Tuning llama.cpp Batch Sizes on Intel Arc Pro B60

llama.cpp ships with -b 2048 -ub 512 as the default. On a single-user Intel Arc Pro B60 (Battlemage G21, 24 GB) running the SYCL backend, that default leaves 25-30% of prompt processing throughput on the table for MoE models, and about 8% for dense ones.

The fix is one line: -b 4096 -ub 2048. The interesting part is why the knee sits there, and why pushing one notch further (-ub 4096) makes long-prompt MoE inference fall off a cliff.

TL;DR

For single-user, prompt-heavy workloads (coding agents, long-context Q&A) on an Intel Arc Pro B60 using SYCL:

What -b and -ub Actually Do

-b is the logical batch: the maximum number of prompt tokens llama.cpp will buffer before handing work to the backend. -ub is the physical chunk size: the number of tokens actually submitted to the GPU in one kernel launch.

For a single inference stream, -b only matters insofar as -b >= -ub. There’s no benefit beyond that. -ub is what the GPU sees, and it’s what governs prompt-processing throughput. Larger chunks mean better GPU utilization — until the kernel saturates, or until Flash-Attention’s scratch buffer starts thrashing the allocator.

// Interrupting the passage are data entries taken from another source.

(* Let $$\tau_1(x)=\begin{cases}\tfrac43x,&0\le x<\tfrac3{20},\\ 16x-\tfrac{11}5,&\tfrac3{20}\le x<\tfrac15,\\ 5x \pmod 1,&\tfrac15\le x\le1,\end{cases}\qquad \tau_2(x)=\begin{cases}16x,&0\le x<\tfrac1{20},\\ \tfrac43x+\tfrac{11}{15},&\tfrac1{20}\le x<\tfrac15,\\ 5x\pmod 1,&\tfrac15\le x\le1.\end{cases}$$ The map $\tau(x)=5x \pmod 1$ satisfies $\tau_1\le\tau\le\tau_2$ and preserves Lebesgue measure. However, there is no Borel measurable function $p:[0,1]\to[0,1]$ such that the position dependent random map $T=(\tau_1,\tau_2;p,1-p)$ preserves Lebesgue measure.
   Context: A position dependent random map $T=(\tau_1,\tau_2;p,1-p)$ with measurable $p:[0,1]\to[0,1]$ moves a point $x$ to $\tau_1(x)$ with probability $p(x)$ and to $\tau_2(x)$ with probability $1-p(x)$. It preserves a probability measure $\mu$ if $\mu(A)=\int\big(p(x)\chi_A(\tau_1(x))+(1-p(x))\chi_A(\tau_2(x))\big)\,d\mu(x)$ for every Borel $A\subseteq[0,1]$; for $\mu$ with density $f$ this is equivalent to $P_{\tau_1}(pf)+P_{\tau_2}((1-p)f)=f$, where $P_{\tau_k}$ is the Frobenius–Perron operator of $\tau_k$. *)

(* R : realType, Borel sets = the canonical
   measurable sets of R, Lebesgue measure = lebesgue_measure. *)
From HB Require Import structures.
From mathcomp Require Import all_boot all_order all_algebra.
From mathcomp Require Import all_classical all_reals all_analysis.
Set Implicit Arguments. Unset Strict Implicit. Unset Printing Implicit Defensive.
Import Order.TTheory GRing.Theory Num.Theory.
Import numFieldNormedType.Exports.
Local Open Scope classical_set_scope.
Local Open Scope ring_scope.

Section Maps.
Variable R : realType.

Definition tau5 (x : R) : R := 5 * x - (Num.floor (5 * x))%:~R.

Definition tau1 (x : R) : R :=
  if x < 3 / 20 then 4 / 3 * x
  else if x < 1 / 5 then 16 * x - 11 / 5
  else tau5 x.

Definition tau2 (x : R) : R :=
  if x < 1 / 20 then 16 * x
  else if x < 1 / 5 then 4 / 3 * x + 11 / 15
  else tau5 x.

Definition preserves_leb (t : R -> R) : Prop :=
  forall A : set R, measurable A -> A `<=` `[0, 1] ->
    lebesgue_measure (`[0, 1] `&` t @^-1` A) = lebesgue_measure A.

Definition random_map_preserves_leb (t1 t2 p : R -> R) : Prop :=
  forall A : set R, measurable A -> A `<=` `[0, 1] ->
    lebesgue_measure A =
    (\int[lebesgue_measure]_(x in `[0%R, 1%R])
       (p x * \1_A (t1 x) + (1 - p x) * \1_A (t2 x))%:E)%E.

End Maps.

From HB Require Import structures.
From mathcomp Require Import all_boot all_order all_algebra.
From mathcomp Require Import all_classical all_reals all_analysis measurable_realfun.
From mathcomp Require Import ring lra.
Set Implicit Arguments. Unset Strict Implicit. Unset Printing Implicit Defensive.
Import Order.TTheory GRing.Theory Num.Theory.
Local Open Scope classical_set_scope.
Local Open Scope ring_scope.

(* The preimage of A under x |-> n x mod 1 is the disjoint union of the n
   affine copies (A + k) / n, up to the point 1, hence has the measure of A.

   Both maps send a point to the target A = [1/5, 4/5], of measure 3/5, only
   from a set of measure at most 111/200: on [1/5, 1] they agree with 5x mod 1,
   whose preimage of A has measure 3/5 but only 12/25 of it beyond 1/5, and on
   [0, 1/5) the branches 16x and 16x - 11/5 hit A on two intervals of length
   3/80, the branch 4x/3 never does and 4x/3 + 11/15 only at x = 1/20.
   The integrand in the invariance equation is a convex combination of
   indicators of A, hence below the indicator of that set whatever p is, so
   the equation fails for A. *)

Section random_map_integral.
Context d (T : measurableType d) (R : realType).
Variable mu : {measure set T -> \bar R}.

Lemma ge0_le_integral_nonmeasurable (D : set T) (f1 f2 : T -> \bar R) :
  (forall x, D x -> 0 <= f1 x)%E -> (forall x, D x -> f1 x <= f2 x)%E ->
  (\int[mu]_(x in D) f1 x <= \int[mu]_(x in D) f2 x)%E.
Proof.
move=> f10 f12.
have f20 x : D x -> (0 <= f2 x)%E.
  by move=> Dx; exact: le_trans (f10 _ Dx) (f12 _ Dx).
rewrite !ge0_integralE //; apply: ge_ereal_sup => _ [h /= hf1 <-].
apply: ereal_sup_ubound; exists h => //= x; apply: le_trans (hf1 x) _.
by rewrite /patch; case: ifPn => // /set_mem /f12.
Qed.

Lemma convex_indic_le (U : Type) (A : set U) (C : set T) (p : R) u v x :
  0 <= p <= 1 -> (A u \/ A v -> C x) ->
  p * \1_A u + (1 - p) * \1_A v <= \1_C x.
Proof.
move=> /andP[p0 p1] AC; rewrite !indicE.
have [Cx|nCx] := boolP (x \in C).
  by case: (u \in A); case: (v \in A); rewrite /= ?mulr1 ?mulr0; lra.
have nAu : u \notin A.
  by apply: contra nCx => /set_mem Au; apply/mem_set/AC; left.
have nAv : v \notin A.
  by apply: contra nCx => /set_mem Av; apply/mem_set/AC; right.
by rewrite (negbTE nAu) (negbTE nAv) !mulr0 addr0.
Qed.

Lemma random_map_integral_le_measure (U : Type) (D C : set T) (A : set U)
    (t1 t2 : T -> U) (p : T -> R) :
  measurable D -> measurable C -> (forall x, D x -> 0 <= p x <= 1) ->
  (forall x, D x -> A (t1 x) \/ A (t2 x) -> C x) ->
  (\int[mu]_(x in D) (p x * \1_A (t1 x) + (1 - p x) * \1_A (t2 x))%:E
    <= mu C)%E.
Proof.
move=> mD mC p01 hit.
apply: (@le_trans _ _ (\int[mu]_(x in D) (\1_C x)%:E)%E).
  apply: ge0_le_integral_nonmeasurable => x Dx; rewrite lee_fin.
    have /andP[p0 p1] := p01 x Dx.
    by rewrite !indicE; case: (t1 x \in A); case: (t2 x \in A);
      rewrite /= ?mulr1 ?mulr0; lra.
  exact: convex_indic_le (p01 x Dx) (hit x Dx).
rewrite integral_indic //; apply: le_measure; rewrite ?inE //.
exact: measurableI.
Qed.
End random_map_integral.

Section lebesgue_measure_preimage.
Variable R : realType.
Local Notation mu := (@lebesgue_measure R).

Lemma lebesgue_measure_preimage_affine (a b : R) (A : set R) : 0 < a ->
  measurable A ->
  mu ((fun x => a * x + b) @^-1` A) = ((a^-1)%:E * mu A)%E.
Proof.
move=> a0 mA.
pose f : measurableTypeR R -> measurableTypeR R := fun x => a * x + b.
have mf : measurable_fun setT f.
  by apply: measurable_funD => //; apply: measurable_funM.
(* The measure instance of [pushforward mu f] depends on [mf], so it cannot be
   inferred and is named explicitly. *)
pose nu := mscale (NngNum (ltW a0))
  (measure_function_pushforward__canonical__measure_function_Measure mu mf).
have -> : mu A = nu A.
  apply: lebesgue_measure_unique mA => _ [[c d] _ <-] /=.
  rewrite /nu /mscale /= /pushforward.
  have -> : f @^-1` `]c, d]%classic = `](c - b) / a, (d - b) / a]%classic.
    apply/seteqP; split => x; rewrite /= !in_itv /= /f => /andP[h1 h2];
      apply/andP; split.
    - by rewrite ltr_pdivrMr //; lra.
    - by rewrite ler_pdivlMr //; lra.
    - by move: h1; rewrite ltr_pdivrMr //; lra.
    - by move: h2; rewrite ler_pdivlMr //; lra.
  rewrite !lebesgue_measure_itv /= !lte_fin ltr_pM2r ?invr_gt0 // ltrD2r.
  case: ifP => _; last by rewrite mule0.
  by rewrite -!EFinD -EFinM; congr (_%:E); field; exact: lt0r_neq0.
by rewrite /nu /mscale /= muleA -EFinM mulVf ?mul1e // lt0r_neq0.
Qed.

Lemma lebesgue_measure_subU1 (X Y : set R) (a : R) : measurable Y ->
  Y `<=` X -> X `<=` Y `|` [set a] -> measurable X /\ mu X = mu Y.
Proof.
move=> mY YX XYa.
have -> : X = Y `|` (X `&` [set a]).
  apply/seteqP; split => [x Xx|x [/YX //|[] //]].
  by case: (XYa x Xx) => [Yx|xa]; [left|right].
have [->|->] := subset_set1 (@subIsetr _ X [set a]).
  by rewrite setU0.
split; first exact: measurableU.
by rewrite measureU0 //; exact: lebesgue_measure_set1.
Qed.
End lebesgue_measure_preimage.

Definition mulmod1 {R : realType} (n : nat) (x : R) : R :=
  n%:R * x - (Num.floor (n%:R * x))%:~R.

Section mulmod1.
Variables (R : realType) (n : nat).
Local Notation mu := (@lebesgue_measure R).

Lemma mulmod1_ge0_lt1 (x : R) : 0 <= mulmod1 n x < 1.
Proof.
rewrite /mulmod1; have /andP[h1 h2] := floor_itv (n%:R * x).
by rewrite intrD in h2; apply/andP; split; lra.
Qed.

Lemma mulmod1E (k : nat) (x : R) :
  k%:R <= n%:R * x < k%:R + 1 -> mulmod1 n x = n%:R * x - k%:R.
Proof.
by move=> h; rewrite /mulmod1 (@floor_def _ _ k%:Z) // intrD /= !pmulrn.
Qed.

Hypothesis n_gt0 : (0 < n)%N.

Lemma mulmod1_branch (x : R) : 0 <= x < 1 ->
  exists2 k : nat, (k < n)%N & k%:R <= n%:R * x < k%:R + 1.
Proof.
move=> /andP[x0 x1]; have nx0 : 0 <= n%:R * x by rewrite mulr_ge0.
exists (Num.truncn (n%:R * x)).
  by rewrite truncn_lt_nat // -[X in _ < X]mulr1 ltr_pM2l // ltr0n.
by have := truncn_itv nx0; rewrite -natr1.
Qed.

Section preimage.
Variable A : set R.
Hypotheses (mA : measurable A) (A01 : A `<=` `[0, 1]).

Let B := A `&` `[0, 1[.
Let F (k : nat) := (fun x : R => n%:R * x - k%:R) @^-1` B.
Let Y := \bigcup_(k < n) F k.

Let B_itv y : B y -> 0 <= y < 1.
Proof. by case=> _; rewrite /= in_itv. Qed.

Let mB : measurable B.
Proof. by apply: measurableI => //; exact: measurable_itv. Qed.

Let mF k : measurable (F k).
Proof.
have : measurable_fun setT (fun x : R => n%:R * x - k%:R).
  by apply: measurable_funB => //; exact: measurable_funM.
by move=> /(_ measurableT B mB); rewrite setTI.
Qed.

Let F_trivIset : trivIset setT F.
Proof.
have le_nat (x : R) (a b : nat) : 0 <= n%:R * x - a%:R -> n%:R * x - b%:R < 1 ->
    (a <= b)%N.
  rewrite subr_ge0 ltrBlDl => ha hb.
  by have := le_lt_trans ha hb; rewrite natr1 ltr_nat ltnS.
move=> i j _ _ [x [/B_itv /andP[i0 i1] /B_itv /andP[j0 j1]]].
by apply/eqP; rewrite eqn_leq (le_nat x i j) // (le_nat x j i).
Qed.

Let muF k : mu (F k) = ((n%:R^-1)%:E * mu B)%E.
Proof.
have n0 : 0 < n%:R :> R by rewrite ltr0n.
exact: (@lebesgue_measure_preimage_affine R _ (- k%:R) _ n0 mB).
Qed.

Let muY : mu Y = mu B.
Proof.
have n0 : n%:R != 0 :> R by rewrite pnatr_eq0 -lt0n.
rewrite /Y bigcup_mkord measure_bigsetU //.
rewrite (eq_bigr (fun=> (n%:R^-1)%:E * mu B)%E); last by move=> k _; exact: muF.
rewrite -ge0_sume_distrl => [|_ _]; last by rewrite lee_fin invr_ge0.
by rewrite sumEFin sumr_const card_ord -[_^-1 *+ n]mulr_natr mulVf // mul1e.
Qed.

Let muB : mu B = mu A.
Proof.
suff AB1 : A `<=` B `|` [set 1].
  by have [_ ->] := lebesgue_measure_subU1 mB (@subIsetl _ A _) AB1.
move=> y Ay; have /andP[y0 y1] : 0 <= y <= 1.
  by have := A01 Ay; rewrite /= in_itv.
have [->|y1'] := eqVneq y 1; first by right.
by left; split => //; rewrite /= in_itv /= y0 lt_neqAle y1' y1.
Qed.

Let Y_sub : Y `<=` `[0, 1] `&` mulmod1 n @^-1` A.
Proof.
move=> x [k /= kn Fkx]; have /andP[kx xk] := B_itv Fkx.
rewrite subr_ge0 in kx; rewrite ltrBlDl in xk.
have kn' : k%:R + 1 <= n%:R :> R by rewrite natr1 ler_nat.
have n0 : 0 < n%:R :> R by rewrite ltr0n.
split.
  rewrite /= in_itv /=; apply/andP; split.
  - by rewrite -(pmulr_rge0 _ n0) (le_trans _ kx).
  - by rewrite -(ler_pM2l n0) mulr1 ltW // (lt_le_trans xk kn').
by rewrite /= (@mulmod1E k) ?kx //; case: Fkx.
Qed.

Let sub_Y1 : `[0, 1] `&` mulmod1 n @^-1` A `<=` Y `|` [set 1].
Proof.
move=> x [/= x01 Ax]; have [->|x1] := eqVneq x 1; first by right.
have /andP[x0 x1'] : 0 <= x <= 1 by rewrite in_itv in x01.
have [k kn hk] : exists2 k : nat, (k < n)%N & k%:R <= n%:R * x < k%:R + 1.
  by apply: mulmod1_branch; rewrite x0 lt_neqAle x1 x1'.
left; exists k => //; rewrite /F /= -(mulmod1E hk); split => //.
by rewrite /= in_itv; exact: mulmod1_ge0_lt1.
Qed.

Let mY : measurable Y.
Proof. by rewrite /Y bigcup_mkord; exact: bigsetU_measurable. Qed.

Lemma measurable_preimage_mulmod1 : measurable (`[0, 1] `&` mulmod1 n @^-1` A).
Proof. by have [] := lebesgue_measure_subU1 mY Y_sub sub_Y1. Qed.

Lemma lebesgue_measure_preimage_mulmod1 :
  mu (`[0, 1] `&` mulmod1 n @^-1` A) = mu A.
Proof.
by have [_ ->] := lebesgue_measure_subU1 mY Y_sub sub_Y1; rewrite muY muB.
Qed.
End preimage.

Lemma mulmod1_preserves_leb : preserves_leb (@mulmod1 R n).
Proof. by move=> A mA A01; exact: lebesgue_measure_preimage_mulmod1. Qed.
End mulmod1.

Lemma tau5E (R : realType) : @tau5 R = mulmod1 5.
Proof. by []. Qed.

Lemma tau5_mul5 (R : realType) (x : R) : 0 <= x < 1 / 5 -> tau5 x = 5 * x.
Proof.
move=> /andP[x0 x5]; rewrite tau5E (@mulmod1E R 5 0) ?mulr0n ?subr0 //.
by rewrite add0r; apply/andP; split; lra.
Qed.

Lemma tau1_le_tau5_le_tau2 (R : realType) (x : R) :
  x \in `[0, 1] -> tau1 x <= tau5 x <= tau2 x.
Proof.
rewrite in_itv /= => /andP[x0 x1]; rewrite /tau1 /tau2.
have [x5|x5] := ltP x (1 / 5); last first.
  by case: ltP => x3; case: ltP => x2; rewrite ?lexx //; lra.
rewrite tau5_mul5; last by apply/andP; split.
by case: ltP => x3; case: ltP => x2; apply/andP; split; lra.
Qed.

Section counterexample.
Variable R : realType.
Local Notation mu := (@lebesgue_measure R).

Let A : set R := `[1 / 5, 4 / 5].
Let S := `[0, 1] `&` @tau5 R @^-1` A.
Let I : set R := `[1 / 25, 4 / 25].
Let C := `[1 / 80, 1 / 20] `|` `[3 / 20, 3 / 16] `|` (S `\` I).

Let mA : measurable A. Proof. exact: measurable_itv. Qed.

Let A01 : A `<=` `[0, 1].
Proof.
by move=> y; rewrite /A /= !in_itv /= => /andP[? ?]; apply/andP; split; lra.
Qed.

Let muS : mu S = mu A.
Proof. exact: (@lebesgue_measure_preimage_mulmod1 R 5). Qed.

Let mS : measurable S.
Proof. exact: (@measurable_preimage_mulmod1 R 5). Qed.

Let mI : measurable I. Proof. exact: measurable_itv. Qed.

Let mC : measurable C.
Proof.
apply: measurableU; last exact: measurableD.
by apply: measurableU; exact: measurable_itv.
Qed.

Let I_sub_S : I `<=` S.
Proof.
move=> x; rewrite /I /= in_itv /= => /andP[x1 x4].
split; first by rewrite /= in_itv /=; apply/andP; split; lra.
by rewrite /= tau5_mul5 /A /= ?in_itv /=; apply/andP; split; lra.
Qed.

Let C_hit x : x \in `[0, 1] -> A (tau1 x) \/ A (tau2 x) -> C x.
Proof.
rewrite in_itv /= => /andP[x0 x1]; rewrite /tau1 /tau2.
have [x5|x5] := ltP x (1 / 5); last first.
  case: ltP => x3; first by lra.
  case: ltP => x2; first by lra.
  move=> Ax; have Sx : S x.
    by split; [rewrite /= in_itv /= x0 x1 | case: Ax].
  right; split => //.
  by rewrite /I /= in_itv /= => /andP[_]; lra.
case: ltP => x3; case: ltP => x2; rewrite /A /= !in_itv /= => -[] /andP[u v];
  first
  [ by lra
  | by left; left; rewrite /= in_itv /=; apply/andP; split; lra
  | by left; right; rewrite /= in_itv /=; apply/andP; split; lra ].
Qed.

Let muC : (mu C < mu A)%E.
Proof.
have len (a b : R) : a < b -> mu `[a, b] = (b - a)%:E.
  by move=> ab; rewrite lebesgue_measure_itv /= lte_fin ab -EFinD.
have muA : mu A = (3 / 5)%:E by rewrite len; [congr (_%:E) | ]; lra.
have muSI : mu (S `\` I) = (3 / 5 - 3 / 25)%:E.
  have Sfin : (mu S < +oo)%E by rewrite muS muA ltry.
  rewrite measureD // setIidr //.
  rewrite -[X in (X - _)%E]/(mu S) -[X in (_ - X)%E]/(mu I).
  rewrite muS muA len; last by lra.
  by rewrite -EFinB; congr (_%:E); lra.
(* [measureU2] restated for [mu] itself, so that [len] can rewrite it. *)
have muU (X Y : set R) : measurable X -> measurable Y ->
    (mu (X `|` Y) <= mu X + mu Y)%E.
  by move=> mX mY; apply: measureU2.
rewrite muA; apply: le_lt_trans (muU _ _ _ _) _.
- by apply: measurableU; exact: measurable_itv.
- exact: measurableD.
apply: le_lt_trans (leeD (muU _ _ _ _) (lexx _)) _; try exact: measurable_itv.
by rewrite !len ?muSI -?EFinD ?lte_fin; lra.
Qed.

Lemma no_lebesgue_preserving_random_map :
  ~ (exists p : R -> R,
       measurable_fun (`[0, 1] : set R) p /\
       (forall x, x \in `[0, 1] -> 0 <= p x <= 1) /\
       random_map_preserves_leb (@tau1 R) (@tau2 R) p).
Proof.
move=> [p [_ [p01 p_preserves]]].
have := random_map_integral_le_measure mu (measurable_itv `[0, 1]) mC p01 C_hit.
by rewrite -(p_preserves A mA A01) => /(lt_le_trans muC); rewrite ltxx.
Qed.
End counterexample.

Theorem mainTheorem6 (R : realType) :
  (forall x : R, x \in `[0, 1] -> tau1 x <= tau5 x <= tau2 x) /\
  preserves_leb (@tau5 R) /\
  ~ (exists p : R -> R,
       measurable_fun (`[0, 1] : set R) p /\
       (forall x, x \in `[0, 1] -> 0 <= p x <= 1) /\
       random_map_preserves_leb (@tau1 R) (@tau2 R) p).
Proof.
split; first exact: tau1_le_tau5_le_tau2.
split; last exact: no_lebesgue_preserving_random_map.
by rewrite tau5E; exact: mulmod1_preserves_leb.
Qed.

For llama-server running K parallel slots, the picture changes: set -b = K * ub so each decode step can pack a full chunk per slot.

System Under Test

Component Spec
GPU Intel Arc Pro B60 (Battlemage G21), 24 GB VRAM
GPU driver Level Zero V2 1.14.37020, Compute Runtime (NEO) 26.05.037020
CPU AMD Ryzen 9 3950X (16 cores / 32 threads, boost 4.76 GHz)
RAM 64 GB system memory
Kernel Linux 6.19.13
Toolchain Intel oneAPI DPC++/C++ Compiler 2026.0.0
llama.cpp master at fa8feaed3
Models Qwen3-4B-Instruct-2507 UD-Q4_K_XL (2.37 GiB); Qwen3.5-MoE 35B-A3B UD-Q4_K_M (20.6 GiB)

Hypotheses Going In

  1. -ub governs PP throughput. Larger -ub improves GPU utilization until the kernel saturates or memory pressure kicks in.
  2. -b only matters insofar as -b >= -ub. With one stream, no benefit beyond that.
  3. Token generation is unaffected by either.
  4. On fa-overhead-sycl, Flash-Attention scratch scales with -ub. There should be an upper edge of -ub past which allocator overhead and memory pressure dominate, and throughput regresses.
  5. MoE with -ncmoe N should be more sensitive to -ub than dense, because every chunk pays expert-routing and CPU-offload overhead. Small chunks amortize that overhead across fewer tokens.

Methodology

Tool: llama-bench from master (fa8feaed3).

Per-model sweep matrix:

Common flags: -fa 1 -ctk q8_0 -ctv q8_0 -ngl 999. MoE adds -ncmoe 4 (top 4 layers of expert weights kept on CPU; 24 GB VRAM does not fit the full 35B model otherwise).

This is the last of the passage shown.